Stored data
- - - - -
Lemma sum_n_m_le_loc (a b : nat -> R) (n m : nat) :
  (forall k, (n <= k <= m)%nat -> a k <= b k) -> sum_n_m a n m <= sum_n_m b n m.
Proof.
  intros Hab.
  set (a' k := if le_dec n k then if le_dec k m then a k else b k else b k).
  rewrite (sum_n_m_ext_loc a a').
  - apply sum_n_m_le. intros k. unfold a'.
    destruct (le_dec n k), (le_dec k m); try lra. apply Hab; lia.
  - intros k Hk. unfold a'.
    destruct (le_dec n k), (le_dec k m); [reflexivity | lia ..].
Qed.

Lemma sum_n_m_nonneg (a : nat -> R) (n m : nat) :
  (forall k, 0 <= a k) -> 0 <= sum_n_m a n m.
Proof.
  intros Ha. apply Rle_trans with (sum_n_m (fun _ => 0) n m).
  - rewrite sum_n_m_const. lra.
  - now apply sum_n_m_le.
Qed.

Lemma sum_n_m_le_subrange (a : nat -> R) (n m n' m' : nat) :
  (forall k, 0 <= a k) -> (n' <= n)%nat -> (m <= m')%nat ->
  sum_n_m a n m <= sum_n_m a n' m'.
Proof.
  intros Ha Hn Hm.
  destruct (Nat.lt_ge_cases m n) as [Hmn | Hnm].
  { rewrite sum_n_m_zero by lia. now apply sum_n_m_nonneg. }
  destruct n as [| n].
  - assert (n' = 0%nat) as -> by lia.
    rewrite (sum_n_m_Chasles a 0 m m') by lia. fold_Rops.
    pose proof (sum_n_m_nonneg a (S m) m' Ha). lra.
  - rewrite (sum_n_m_Chasles a n' n m') by lia.
    rewrite (sum_n_m_Chasles a (S n) m m') by lia.
    fold_Rops.
    pose proof (sum_n_m_nonneg a n' n Ha). pose proof (sum_n_m_nonneg a (S m) m' Ha). lra.
Qed.

Lemma sum_n_le_sum_n (a : nat -> R) (n m : nat) :
  (forall k, 0 <= a k) -> (n <= m)%nat -> sum_n a n <= sum_n a m.
Proof. intros; now apply sum_n_m_le_subrange. Qed.

Lemma sum_n_sqr_le_weighted (g w : nat -> R) (k : nat) :
  (forall j, 0 < w j) ->
  (sum_n g k) ^ 2 <= sum_n w k * sum_n (fun j => g j ^ 2 / w j) k.
Proof.
  intros Hw.
  enough (0 < sum_n w k /\ (sum_n g k) ^ 2 <= sum_n w k * sum_n (fun j => g j ^ 2 / w j) k)
    by tauto.
  induction k as [| k [HV IH]].
  - rewrite !sum_O. specialize (Hw 0%nat). split; [lra |]. right. field. lra.
  - rewrite !sum_Sn. fold_Rops.
    set (G := sum_n g k) in *. set (V := sum_n w k) in *.
    set (Q := sum_n (fun j => g j ^ 2 / w j) k) in *.
    specialize (Hw (S k)). set (y := w (S k)) in *.
    set (t := g (S k) / y).
    replace (g (S k)) with (t * y) by (unfold t; field; lra).
    replace ((t * y) ^ 2 / y) with (t ^ 2 * y) by (field; lra).
    split; [lra |].
    (* [G^2 <= V Q] gives [V t^2 - 2 G t + Q >= 0], the discriminant bound for the new term *)
    assert (Hq : 0 <= V * t ^ 2 - 2 * G * t + Q).
    { apply Rmult_le_reg_l with V; [lra |]. pose proof (pow2_ge_0 (V * t - G)). nra. }
    pose proof (Rmult_le_pos y _ (Rlt_le _ _ Hw) Hq). nra.
Qed.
- - - - -
- TASK DETAILS -
Exactly as written, give the records again.

- RESPONSE BOX -
Lemma sum_n_m_le_loc (a b : nat -> R) (n m : nat) :
  (forall k, (n <= k <= m)%nat -> a k <= b k) -> sum_n_m a n m <= sum_n_m b n m.
Proof.
  intros Hab.
  set (a' k := if le_dec n k then if le_dec k m then a k else b k else b k).
  rewrite (sum_n_m_ext_loc a a').
  - apply sum_n_m_le. intros k. unfold a'.
    destruct (le_dec n k), (le_dec k m); try lra. apply Hab; lia.
  - intros k Hk. unfold a'.
    destruct (le_dec n k), (le_dec k m); [reflexivity | lia ..].
Qed.

Lemma sum_n_m_nonneg (a : nat -> R) (n m : nat) :
  (forall k, 0 <= a k) -> 0 <= sum_n_m a n m.
Proof.
  intros Ha. apply Rle_trans with (sum_n_m (fun _ => 0) n m).
  - rewrite sum_n_m_const. lra.
  - now apply sum_n_m_le.
Qed.

Lemma sum_n_m_le_subrange (a : nat -> R) (n m n' m' : nat) :
  (forall k, 0 <= a k) -> (n' <= n)%nat -> (m <= m')%nat ->
  sum_n_m a n m <= sum_n_m a n' m'.
Proof.
  intros Ha Hn Hm.
  destruct (Nat.lt_ge_cases m n) as [Hmn | Hnm].
  { rewrite sum_n_m_zero by lia. now apply sum_n_m_nonneg. }
  destruct n as [| n].
  - assert (n' = 0%nat) as -> by lia.
    rewrite (sum_n_m_Chasles a 0 m m') by lia. fold_Rops.
    pose proof (sum_n_m_nonneg a (S m) m' Ha). lra.
  - rewrite (sum_n_m_Chasles a n' n m') by lia.
    rewrite (sum_n_m_Chasles a (S n) m m') by lia.
    fold_Rops.
    pose proof (sum_n_m_nonneg a n' n Ha). pose proof (sum_n_m_nonneg a (S m) m' Ha). lra.
Qed.

Lemma sum_n_le_sum_n (a : nat -> R) (n m : nat) :
  (forall k, 0 <= a k) -> (n <= m)%nat -> sum_n a n <= sum_n a m.
Proof. intros; now apply sum_n_m_le_subrange. Qed.

Lemma sum_n_sqr_le_weighted (g w : nat -> R) (k : nat) :
  (forall j, 0 < w j) ->
  (sum_n g k) ^ 2 <= sum_n w k * sum_n (fun j => g j ^ 2 / w j) k.
Proof.
  intros Hw.
  enough (0 < sum_n w k /\ (sum_n g k) ^ 2 <= sum_n w k * sum_n (fun j => g j ^ 2 / w j) k)
    by tauto.
  induction k as [| k [HV IH]].
  - rewrite !sum_O. specialize (Hw 0%nat). split; [lra |]. right. field. lra.
  - rewrite !sum_Sn. fold_Rops.
    set (G := sum_n g k) in *. set (V := sum_n w k) in *.
    set (Q := sum_n (fun j => g j ^ 2 / w j) k) in *.
    specialize (Hw (S k)). set (y := w (S k)) in *.
    set (t := g (S k) / y).
    replace (g (S k)) with (t * y) by (unfold t; field; lra).
    replace ((t * y) ^ 2 / y) with (t ^ 2 * y) by (field; lra).
    split; [lra |].
    (* [G^2 <= V Q] gives [V t^2 - 2 G t + Q >= 0], the discriminant bound for the new term *)
    assert (Hq : 0 <= V * t ^ 2 - 2 * G * t + Q).
    { apply Rmult_le_reg_l with V; [lra |]. pose proof (pow2_ge_0 (V * t - G)). nra. }
    pose proof (Rmult_le_pos y _ (Rlt_le _ _ Hw) Hq). nra.
Qed.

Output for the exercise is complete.